Lemma exists_pi_shift S x y : 0 < S -> S %| Z ->
  x %/ Z = y %/ Z -> x %% S = y %% S -> exists d, pi_shift Z (d * S) x = y.
Proof.
move=> S_gt0 SZ eq_div eq_mod; set a := y %% Z + (Z - x %% Z).
have xZ : x %% Z <= Z by rewrite ltnW ?ltn_pmod.
have S_dvd_a : S %| a.
  have : a + x %% Z == 0 + x %% Z %[mod S].
    rewrite /a -addnA subnK // -modnDmr (eqP SZ) addn0 add0n.
    by rewrite !(modn_dvdm _ SZ) eq_mod.
  by rewrite eqn_modDr mod0n.
exists (a %/ S); rewrite divnK //; apply: eq_pi_shift => //.
by rewrite -modnDml /a addnCA subnKC // modnDr modn_mod.
Qed.

End PiShift.

Lemma in_class_modn Z L S m s l x : 0 < Z -> L * S %| Z -> s + l * S < L * S ->
  in_class Z L S m s l x <-> x %/ Z = m /\ x %% (L * S) = s + l * S.
Proof.
move=> Z_gt0 LS_dvd_Z c_lt; have [k def_Z] := dvdnP LS_dvd_Z.
rewrite /in_class -PoszD; set c := s + l * S; split.
- case=> r def_x; set a := (c%:Z + r * (L * S)%:Z)%R in def_x.
  have [t def_t] : exists t : nat, (modz a Z = t%:Z)%R.
    by exists `|modz a Z|%N; rewrite gez0_abs // modz_ge0 // lt0n_neq0.
  have t_lt : t < Z by rewrite -ltz_nat -def_t ltz_pmod.
  have {def_x} -> : x = m * Z + t by apply/eqP; rewrite -eqz_nat def_x def_t.
  split; first by rewrite divnMDl // divn_small ?addn0.
  rewrite def_Z mulnA modnMDl; apply/eqP; rewrite -eqz_nat -modz_nat -def_t.
  have -> : modz (modz a Z) (L * S) = modz a (L * S).
    by rewrite [in RHS](divz_eq a Z) def_Z PoszM mulrA modzMDl.
  by rewrite /a addrC modzMDl modz_nat modn_small.
- case=> xm x_mod; exists (Posz ((x %% Z) %/ (L * S))).
  have -> : (c%:Z + ((x %% Z) %/ (L * S))%:Z * (L * S)%:Z = (x %% Z)%:Z)%R.
    rewrite -PoszM -PoszD; congr Posz.
    by rewrite -x_mod -(modn_dvdm _ LS_dvd_Z) addnC -divn_eq.
  by rewrite modz_nat modn_mod -PoszD -xm -divn_eq.
Qed.

Definition phase L S x := x %% (L * S) %/ S.

Lemma phase_lt L S x : 0 < L -> 0 < S -> phase L S x < L.
Proof. by move=> L_gt0 S_gt0; rewrite ltn_divLR // ltn_pmod // muln_gt0 L_gt0. Qed.

Lemma modn_phase L S x : x %% (L * S) = x %% S + phase L S x * S.
Proof.
rewrite /phase {1}(divn_eq (x %% (L * S)) S) addnC modn_dvdm //.
exact: dvdn_mull.
Qed.

Lemma modn_phaseP L S s l x : 0 < S -> s < S ->
  x %% (L * S) = s + l * S <-> x %% S = s /\ phase L S x = l.
Proof.
move=> S_gt0 s_lt; split=> [x_mod | [<- <-]]; last exact: modn_phase.
split; last by rewrite /phase x_mod divnDMl // divn_small.
by rewrite -(modn_dvdm _ (dvdn_mull L (dvdnn S))) x_mod addnC modnMDl modn_small.
Qed.

Lemma in_classP Z L S m s l x : 0 < Z -> L * S %| Z -> s < S -> l < L ->
  in_class Z L S m s l x <-> [/\ x %/ Z = m, x %% S = s & phase L S x = l].
Proof.
move=> Z_gt0 LS_dvd_Z s_lt l_lt.
have c_lt : s + l * S < L * S by nia.
rewrite in_class_modn // modn_phaseP ?(leq_ltn_trans _ s_lt) //.
by split=> [[-> []] | []].
Qed.

Lemma phase_pi_shift Z L S d x : 0 < L -> 0 < S -> L * S %| Z ->
  phase L S (pi_shift Z (d * S) x) = (phase L S x + d) %% L.
Proof.
move=> L_gt0 S_gt0 LS_dvd_Z.
have rem_lt : x %% S + (phase L S x + d) %% L * S < L * S.
  have := ltn_pmod x S_gt0; have := ltn_pmod (phase L S x + d) L_gt0; nia.
have shifted : x %% (L * S) + d * S =
    (phase L S x + d) %/ L * (L * S) + (x %% S + (phase L S x + d) %% L * S).
  rewrite modn_phase -addnA -mulnDl [in LHS](divn_eq (phase L S x + d) L).
  by rewrite mulnDl mulnA addnCA.
rewrite {1}/phase (pi_shift_mod _ _ LS_dvd_Z) -modnDml shifted modnMDl.
by rewrite modn_small // divnDMl // divn_small ?add0n // ltn_pmod.
Qed.

Section Rows.

Variables M Z L S : nat.
Hypotheses (Z_gt0 : 0 < Z) (L_gt0 : 0 < L) (S_gt0 : 0 < S) (LS_dvd_Z : L * S %| Z).

Let S_dvd_Z : S %| Z := dvdn_trans (dvdn_mull L (dvdnn S)) LS_dvd_Z.

Local Notation row := 'I_(M * Z).

Definition shift d (x : row) : row := Ordinal (pi_shift_lt d (ltn_ord x)).

Lemma block_lt (x : row) : x %/ Z < M.
Proof. by rewrite ltn_divLR. Qed.

Definition block (x : row) : 'I_M := Ordinal (block_lt x).

Definition residue (x : row) : 'I_S := Ordinal (ltn_pmod x S_gt0).

Lemma shift0 x : shift 0 x = x.
Proof. exact/val_inj/pi_shift0. Qed.

Lemma shiftD d1 d2 x : shift d1 (shift d2 x) = shift (d2 + d1) x.
Proof. exact/val_inj/pi_shiftD. Qed.

Lemma shift_inj d : injective (shift d).
Proof. by move=> x y /(congr1 val) /pi_shift_inj eq_xy; apply/val_inj/eq_xy. Qed.

Lemma block_shift d x : block (shift d x) = block x.
Proof. exact/val_inj/pi_shift_div. Qed.

Lemma residue_shift d x : residue (shift (d * S) x) = residue x.
Proof. by apply/val_inj; rewrite /= pi_shift_mod // addnC modnMDl. Qed.

Lemma phase_shift d x : phase L S (shift (d * S) x) = (phase L S x + d) %% L.
Proof. exact: phase_pi_shift. Qed.

Lemma exists_shift_split x y : block x = block y -> residue x = residue y ->
  exists n (i : 'I_L), y = shift (i * S) (shift (n * L * S) x).
Proof.
move=> /(congr1 val) eq_block /(congr1 val) eq_residue.
have [d eq_y] := exists_pi_shift Z_gt0 S_gt0 S_dvd_Z eq_block eq_residue.
have {eq_y} <- : shift (d * S) x = y by apply: val_inj.
exists (d %/ L), (Ordinal (ltn_pmod d L_gt0)).
by rewrite shiftD /= -mulnDl -divn_eq.
Qed.

Lemma Tl_imset l (T0 : {set row}) : Tl S l T0 = shift (l * S) @: T0.
Proof.
apply/setP=> y; rewrite inE.
apply/existsP/imsetP=> [[x /andP [xT /eqP eq_y]] | [x xT ->]].
  by exists x => //; apply: val_inj.
by exists x; rewrite xT /=.
Qed.

Lemma mem_Tl_shift (T0 : {set row}) l x :
  (shift (l * S) x \in Tl S l T0) = (x \in T0).
Proof. by rewrite Tl_imset (mem_imset _ _ (@shift_inj _)). Qed.

Definition phase_cut (ell : 'I_M -> 'I_S -> 'I_L) : {set row} :=
  [set x : row | phase L S x == ell (block x) (residue x)].

Lemma in_class_cut (ell : 'I_M -> 'I_S -> 'I_L) (x : row) :
  (exists (m : 'I_M) (s : 'I_S), in_class Z L S m s (ell m s) x) <->
  x \in phase_cut ell.
Proof.
rewrite inE; split=> [[m [s]] | /eqP x_phase].
  case/in_classP=> // xm xs ->.
  have -> : block x = m by apply: val_inj.
  by have -> : residue x = s by apply: val_inj.
by exists (block x), (residue x); apply/in_classP.
Qed.

Lemma phase_cutP (ell : 'I_M -> 'I_S -> 'I_L) (T0 : {set row}) :
  (forall x : row,
     x \in T0 <-> exists (m : 'I_M) (s : 'I_S), in_class Z L S m s (ell m s) x) <->
  T0 = phase_cut ell.
Proof.
split=> [T0_cut | -> x]; last by rewrite in_class_cut.
apply/setP=> x.
by apply/idP/idP=> [/(T0_cut x)/in_class_cut | /in_class_cut/(T0_cut x)].
Qed.

Lemma mem_Tl_cut (ell : 'I_M -> 'I_S -> 'I_L) (l : 'I_L) y :
  (y \in Tl S l (phase_cut ell)) =
  (phase L S y == (ell (block y) (residue y) + l) %% L).
Proof.
have /codomP [x ->] := injF_onto (@shift_inj (l * S)) y.
rewrite mem_Tl_shift inE block_shift residue_shift phase_shift eqn_modDr.
by rewrite !modn_small ?phase_lt.
Qed.

Lemma phase_cut_feasible (ell : 'I_M -> 'I_S -> 'I_L) : feasible L S (phase_cut ell).
Proof.
split=> //; split=> [l1 l2 l1_neq_l2 | ].
  apply/pred0P=> y /=; rewrite !mem_Tl_cut.
  apply/negP=> /andP [/eqP -> /eqP /eqP]; rewrite eqn_modDl !modn_small //.
  by move/eqP/val_inj.
apply/setP=> y; rewrite inE; apply/bigcupP.
set e := ell (block y) (residue y).
exists (Ordinal (ltn_pmod (phase L S y + (L - e)) L_gt0)) => //.
rewrite mem_Tl_cut /= modnDmr addnCA subnKC; last exact: ltnW.
by rewrite modnDr modn_small ?phase_lt.
Qed.

Section FeasibleSet.

Variable T0 : {set row}.
Hypothesis Tl_disjoint :
  forall l1 l2 : 'I_L, l1 <> l2 -> [disjoint Tl S l1 T0 & Tl S l2 T0].
Hypothesis Tl_cover : \bigcup_(l < L) Tl S l T0 = [set: row].

Lemma Tl_coverP y : exists (l : 'I_L), exists2 x, x \in T0 & y = shift (l * S) x.
Proof.
have : y \in \bigcup_(l < L) Tl S l T0 by rewrite Tl_cover inE.
by case/bigcupP=> l _; rewrite Tl_imset => /imsetP [x xT ->]; exists l, x.
Qed.

Lemma shift_notin x i : x \in T0 -> 0 < i < L -> shift (i * S) x \notin T0.
Proof.
move=> xT /andP [i_gt0 i_lt]; apply/negP=> shifted_T.
have l0_neq_i : Ordinal L_gt0 <> Ordinal i_lt.
  by move/(congr1 val) => /= i0; rewrite -i0 in i_gt0.
have in_T_0 : shift (i * S) x \in Tl S 0 T0.
  by rewrite -[X in X \in _]shift0 (mem_Tl_shift T0 0).
have in_T_i : shift (i * S) x \in Tl S i T0 by rewrite mem_Tl_shift.
by rewrite (disjointFr (Tl_disjoint l0_neq_i) in_T_0) in in_T_i.
Qed.

Lemma shift_LS_in x : x \in T0 -> shift (L * S) x \in T0.
Proof.
move=> xT; have [l [b bT eq_b]] := Tl_coverP (shift (L * S) x).
have [l0 | l_gt0] := posnP l; first by rewrite eq_b l0 shift0.
have def_b : b = shift ((L - l) * S) x.
  by apply: (@shift_inj (l * S)); rewrite -eq_b shiftD -mulnDl subnK // ltnW.
have : 0 < L - l < L by have := ltn_ord l; lia.
by move/(shift_notin xT); rewrite -def_b bT.
Qed.

Lemma shift_mulLS_in n x : x \in T0 -> shift (n * L * S) x \in T0.
Proof.
elim: n => [|n IHn] xT; first by rewrite shift0.
by rewrite mulSn mulnDl addnC -shiftD shift_LS_in ?IHn.
Qed.

Lemma mem_T0_phase b x : b \in T0 -> block b = block x -> residue b = residue x ->
  (x \in T0) = (phase L S x == phase L S b).
Proof.
move=> bT eq_block eq_residue.
have [n [i ->]] := exists_shift_split eq_block eq_residue.
have zT := shift_mulLS_in n bT.
have phase_z : phase L S (shift (n * L * S) b) = phase L S b.
  by rewrite phase_shift addnC modnMDl modn_small ?phase_lt.
rewrite phase_shift phase_z.
have [i0 | i_gt0] := posnP i.
  by rewrite i0 shift0 zT addn0 modn_small ?phase_lt ?eqxx.
rewrite (negbTE (shift_notin zT _)); last by rewrite i_gt0 ltn_ord.
have : (phase L S b + i == phase L S b + 0 %[mod L]) = false.
  by rewrite eqn_modDl mod0n modn_small // eqn0Ngt i_gt0.
by rewrite addn0 (modn_small (phase_lt b L_gt0 S_gt0)) => ->.
Qed.

Lemma exists_block_residue (m : 'I_M) (s : 'I_S) :
  exists x : row, block x = m /\ residue x = s.
Proof.
have s_lt : s < Z := leq_trans (ltn_ord s) (dvdn_leq Z_gt0 S_dvd_Z).
have x_lt : m * Z + s < M * Z.
  apply: (@leq_trans (m.+1 * Z)); first by rewrite mulSn addnC ltn_add2r.
  by rewrite leq_mul2r ltn_ord orbT.
exists (Ordinal x_lt); split; apply: val_inj => /=.
  by rewrite divnMDl // divn_small ?addn0.
by rewrite -modnDml (eqP (dvdn_mull m S_dvd_Z)) add0n modn_small.
Qed.

Lemma phase_cut_of_feasible : exists ell, T0 = phase_cut ell.
Proof.
have phase_of (m : 'I_M) (s : 'I_S) : exists e : 'I_L,
    forall x, block x = m -> residue x = s -> (x \in T0) = (phase L S x == e).
  have [y [<- <-]] := exists_block_residue m s.
  have [l [b bT ->]] := Tl_coverP y.
  exists (Ordinal (phase_lt b L_gt0 S_gt0)) => x x_block x_residue.
  by apply: mem_T0_phase; rewrite ?x_block ?x_residue ?block_shift ?residue_shift.
have [ell def_ell] := fin_all_exists (fun m => fin_all_exists (phase_of m)).
by exists ell; apply/setP=> x; rewrite inE; apply: def_ell.
Qed.

End FeasibleSet.

End Rows.

Theorem theorem2 (M N Z L : nat) (H : 'M[bool]_(M * Z, N * Z))
  (HM : 0 < M) (HN : 0 < N) (HZ : 0 < Z)
  (Hcirc : block_circulant H) (Hnz : no_zero_row H) (Hnid : no_identical_rows H)
  (HL : 1 < L) (HLZ : L %| Z)
  (S : nat) (HS : 0 < S) (HSd : S %| Z %/ L)
  (T0 : {set 'I_(M * Z)}) :
  feasible L S T0 <->
  exists ell : 'I_M -> 'I_S -> 'I_L,
    forall x : 'I_(M * Z),
      x \in T0 <-> exists (m : 'I_M) (s : 'I_S), in_class Z L S m s (ell m s) x.
Proof.
have L_gt0 : 0 < L := ltnW HL.
have LS_dvd_Z : L * S %| Z by rewrite -(divnK HLZ) [_ * L]mulnC dvdn_pmul2l.
split=> [[_ [Tl_disjoint Tl_cover]] | [ell /(phase_cutP HZ HS LS_dvd_Z) ->]].
  have [ell T0_cut] := phase_cut_of_feasible HZ L_gt0 HS LS_dvd_Z Tl_disjoint Tl_cover.
  by exists ell; apply/(phase_cutP HZ HS LS_dvd_Z).
exact: phase_cut_feasible.
Qed.
Lemma cell_index_bound Q i : (1 <= Q)%nat ->
  INR (i + 1) <= 4 * (INR (cell_den Q i) * INR (cell_den Q i)).
Proof.
  intros HQ. pose proof (cell_den_ge Q i) as HqQ.
  pose proof (Nat.sqrt_spec (i + Q * Q) ltac:(lia)) as [_ Hsq]. fold (cell_den Q i) in Hsq.
  set (q := cell_den Q i) in *.
  assert (Hle : INR (i + 1) <= INR (S q * S q)) by (apply le_INR; lia).
  rewrite mult_INR, S_INR in Hle. pose proof (INR_ge1 q ltac:(lia)). nra.
Qed.

Lemma cell_enum_onto Q q p : (Q <= q)%nat -> (p <= q)%nat ->
  exists i, cell_den Q i = q /\ cell_num Q i = p.
Proof.
  intros HQq Hpq. exists (q * q + p - Q * Q)%nat.
  assert (E : (q * q + p - Q * Q + Q * Q = q * q + p)%nat)
    by (assert (Q * Q <= q * q)%nat by (apply Nat.mul_le_mono; auto); lia).
  assert (Eq : cell_den Q (q * q + p - Q * Q) = q)
    by (unfold cell_den; rewrite E; apply Nat.sqrt_unique; nia).
  split; auto. unfold cell_num. rewrite Eq, E. lia.
Qed.

(* By Dirichlet's theorem the cells cover phi(I). *)
Lemma phi_I_covered Q z : (1 <= Q)%nat -> phi_I z -> exists i, phi_cell Q i z.
Proof.
  intros HQ [t [[Hx Hirr] Hphi]].
  destruct (dirichlet (2 * PI * t) Q Hx Hirr HQ) as [q [p [HQq [Hpq [Hg Happ]]]]].
  destruct (cell_enum_onto Q q p HQq Hpq) as [i [Eq Ep]].
  exists i, t. rewrite Eq, Ep. split; [auto | split; auto].
Qed.

Lemma cells_sum_bound a Q n : 4/3 < a -> (2 <= Q)%nat ->
  sum_f_R0 (fun i => Rpower (cell_diam (cell_den Q i)) a) n
  <= weight_const a * (1 + 1 / (slack a / 2)) * Rpower (INR Q) (- slack a).
Proof.
  intros Ha HQ. pose proof (slack_pos a Ha) as Ht. set (t := slack a) in *.
  pose proof (INR_ge1 Q ltac:(lia)) as Q1.
  rewrite sum_f_R0_rsum.
  eapply Rle_trans.
  { apply (rsum_le _ (fun i => weight_const a * Rpower (INR Q) (- t)
                              * Rpower (INR (i + 1)) (- (1 + t / 2)))).
    intros i _. pose proof (cell_den_ge Q i) as HqQ. set (q := cell_den Q i) in *.
    eapply Rle_trans; [apply cell_diam_Rpower; auto; lia|].
    replace (- (2 + 2 * slack a)) with (- (2 + t) + - t) by (unfold t; ring).
    rewrite Rpower_plus.
    pose proof (den_power_le q i t Ht ltac:(lia) (cell_index_bound Q i ltac:(lia))).
    assert (Rpower (INR q) (- t) <= Rpower (INR Q) (- t))
      by (apply Rpower_neg_anti; [lra | split; [lra | apply le_INR; auto]]).
    pose proof (Rpower_pos (cell_const a) a). pose proof (Rpower_pos 4 (1 + t / 2)).
    pose proof (Rpower_pos (INR q) (- (2 + t))). pose proof (Rpower_pos (INR q) (- t)).
    pose proof (Rpower_pos (INR (i + 1)) (- (1 + t / 2))).
    unfold weight_const. fold t.
    apply Rle_trans with (Rpower (cell_const a) a
      * ((Rpower 4 (1 + t / 2) * Rpower (INR (i + 1)) (- (1 + t / 2))) * Rpower (INR Q) (- t)));
      [apply Rmult_le_compat_l; [lra | apply Rmult_le_compat; lra] | right; ring]. }
  rewrite rsum_scal. pose proof (zeta_bound (t / 2) (S n) ltac:(lra)).
  assert (0 < weight_const a * Rpower (INR Q) (- t)).
  { unfold weight_const. repeat apply Rmult_lt_0_compat; apply Rpower_pos. }
  replace (weight_const a * (1 + 1 / (t / 2)) * Rpower (INR Q) (- t))
    with (weight_const a * Rpower (INR Q) (- t) * (1 + 1 / (t / 2))) by ring.
  apply Rmult_le_compat_l; lra.
Qed.

Lemma cell_diam_le_scale a Q q : 4/3 < a -> (1 <= Q)%nat -> (Q <= q)%nat ->
  cell_diam q <= cell_const a * Rpower (INR Q) (cell_exponent a).
Proof.
  intros Ha HQ HQq.
  apply Rle_trans with (cell_const a * Rpower (INR q) (cell_exponent a));
    [apply cell_diam_le; auto; lia|].
  apply Rmult_le_compat_l; [left; apply cell_const_pos; auto|].
  pose proof (cell_exponent_neg a Ha). pose proof (INR_ge1 Q HQ).
  replace (cell_exponent a) with (- (- cell_exponent a)) by ring.
  apply Rpower_neg_anti; [lra | split; [lra | apply le_INR; auto]].
Qed.

Lemma choose_scale a delta eps : 4/3 < a -> 0 < delta -> 0 < eps ->
  exists Q, (2 <= Q)%nat /\ cell_const a * Rpower (INR Q) (cell_exponent a) <= delta /\
    weight_const a * (1 + 1 / (slack a / 2)) * Rpower (INR Q) (- slack a) <= eps.
Proof.
  intros Ha Hd He. pose proof (slack_pos a Ha). pose proof (cell_const_pos a Ha).
  set (K := weight_const a * (1 + 1 / (slack a / 2))).
  assert (HK : 0 < K).
  { unfold K, weight_const. assert (0 < 1 / (slack a / 2)) by (apply Rdiv_lt_0_compat; lra).
    repeat apply Rmult_lt_0_compat; try apply Rpower_pos; lra. }
  destruct (Rpower_neg_small (- cell_exponent a) (delta / cell_const a)) as [M1 [HM1 H1]];
    [pose proof (cell_exponent_neg a Ha); lra | apply Rdiv_lt_0_compat; lra|].
  destruct (Rpower_neg_small (slack a) (eps / K)) as [M2 [HM2 H2]];
    [lra | apply Rdiv_lt_0_compat; lra|].
  destruct (INR_unbounded (Rmax M1 M2 + 2)) as [Q HQ].
  pose proof (Rmax_l M1 M2). pose proof (Rmax_r M1 M2).
  assert (HQ2 : (2 <= Q)%nat).
  { destruct (Nat.le_gt_cases 2 Q) as [|Hlt]; auto.
    assert (INR Q <= INR 1) by (apply le_INR; lia). simpl in *. lra. }
  exists Q. split; [auto | split].
  - specialize (H1 (INR Q) ltac:(lra)). rewrite Ropp_involutive in H1.
    apply Rmult_le_reg_l with (/ cell_const a); [apply Rinv_0_lt_compat; lra|].
    rewrite <- Rmult_assoc, Rinv_l, Rmult_1_l by lra.
    unfold Rdiv in H1. rewrite Rmult_comm in H1. exact H1.
  - specialize (H2 (INR Q) ltac:(lra)). fold K.
    apply Rmult_le_reg_l with (/ K); [apply Rinv_0_lt_compat; lra|].
    rewrite <- Rmult_assoc, Rinv_l, Rmult_1_l by lra.
    unfold Rdiv in H2. rewrite Rmult_comm in H2. exact H2.
Qed.

Theorem mainTheorem3 : forall alpha : R, 4 / 3 < alpha -> hausdorff_null alpha phi_I.
Proof.
  intros a Ha delta eps Hdelta Heps.
  destruct (choose_scale a delta eps Ha Hdelta Heps) as [Q [HQ [Hsmall Hsum]]].
  exists (phi_cell Q), (fun i => cell_diam (cell_den Q i)).
  split; [|split].
  - intros i. pose proof (cell_den_ge Q i). split; [split|].
    + apply cell_diam_pos. lia.
    + eapply Rle_trans; [apply (cell_diam_le_scale a Q) | exact Hsmall]; auto; lia.
    + intros z1 z2 [t1 [P1 N1]] [t2 [P2 N2]].
      apply (phi_cell_diam (cell_num Q i) _ t1 t2); auto; lia.
  - intros z Hz. apply phi_I_covered; [lia | auto].
  - intros n. eapply Rle_trans; [apply cells_sum_bound; auto | exact Hsum].
Qed.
• • • • • • •
Reproduce the entries above exactly, starting at their first line and finishing with the line that contains "move=> S_gt0 s_lt;".

Lemma exists_pi_shift S x y : 0 < S -> S %| Z ->
  x %/ Z = y %/ Z -> x %% S = y %% S -> exists d, pi_shift Z (d * S) x = y.
Proof.
move=> S_gt0 SZ eq_div eq_mod; set a := y %% Z + (Z - x %% Z).
have xZ : x %% Z <= Z by rewrite ltnW ?ltn_pmod.
have S_dvd_a : S %| a.
  have : a + x %% Z == 0 + x %% Z %[mod S].
    rewrite /a -addnA subnK // -modnDmr (eqP SZ) addn0 add0n.
    by rewrite !(modn_dvdm _ SZ) eq_mod.
  by rewrite eqn_modDr mod0n.
exists (a %/ S); rewrite divnK //; apply: eq_pi_shift => //.
by rewrite -modnDml /a addnCA subnKC // modnDr modn_mod.
Qed.

End PiShift.

Lemma in_class_modn Z L S m s l x : 0 < Z -> L * S %| Z -> s + l * S < L * S ->
  in_class Z L S m s l x <-> x %/ Z = m /\ x %% (L * S) = s + l * S.
Proof.
move=> Z_gt0 LS_dvd_Z c_lt; have [k def_Z] := dvdnP LS_dvd_Z.
rewrite /in_class -PoszD; set c := s + l * S; split.
- case=> r def_x; set a := (c%:Z + r * (L * S)%:Z)%R in def_x.
  have [t def_t] : exists t : nat, (modz a Z = t%:Z)%R.
    by exists `|modz a Z|%N; rewrite gez0_abs // modz_ge0 // lt0n_neq0.
  have t_lt : t < Z by rewrite -ltz_nat -def_t ltz_pmod.
  have {def_x} -> : x = m * Z + t by apply/eqP; rewrite -eqz_nat def_x def_t.
  split; first by rewrite divnMDl // divn_small ?addn0.
  rewrite def_Z mulnA modnMDl; apply/eqP; rewrite -eqz_nat -modz_nat -def_t.
  have -> : modz (modz a Z) (L * S) = modz a (L * S).
    by rewrite [in RHS](divz_eq a Z) def_Z PoszM mulrA modzMDl.
  by rewrite /a addrC modzMDl modz_nat modn_small.
- case=> xm x_mod; exists (Posz ((x %% Z) %/ (L * S))).
  have -> : (c%:Z + ((x %% Z) %/ (L * S))%:Z * (L * S)%:Z = (x %% Z)%:Z)%R.
    rewrite -PoszM -PoszD; congr Posz.
    by rewrite -x_mod -(modn_dvdm _ LS_dvd_Z) addnC -divn_eq.
  by rewrite modz_nat modn_mod -PoszD -xm -divn_eq.
Qed.

Definition phase L S x := x %% (L * S) %/ S.

Lemma phase_lt L S x : 0 < L -> 0 < S -> phase L S x < L.
Proof. by move=> L_gt0 S_gt0; rewrite ltn_divLR // ltn_pmod // muln_gt0 L_gt0. Qed.

Lemma modn_phase L S x : x %% (L * S) = x %% S + phase L S x * S.
Proof.
rewrite /phase {1}(divn_eq (x %% (L * S)) S) addnC modn_dvdm //.
exact: dvdn_mull.
Qed.

Lemma modn_phaseP L S s l x : 0 < S -> s < S ->
  x %% (L * S) = s + l * S <-> x %% S = s /\ phase L S x = l.
Proof.
move=> S_gt0 s_lt; split=> [x_mod | [<- <-]]; last exact: modn_phase.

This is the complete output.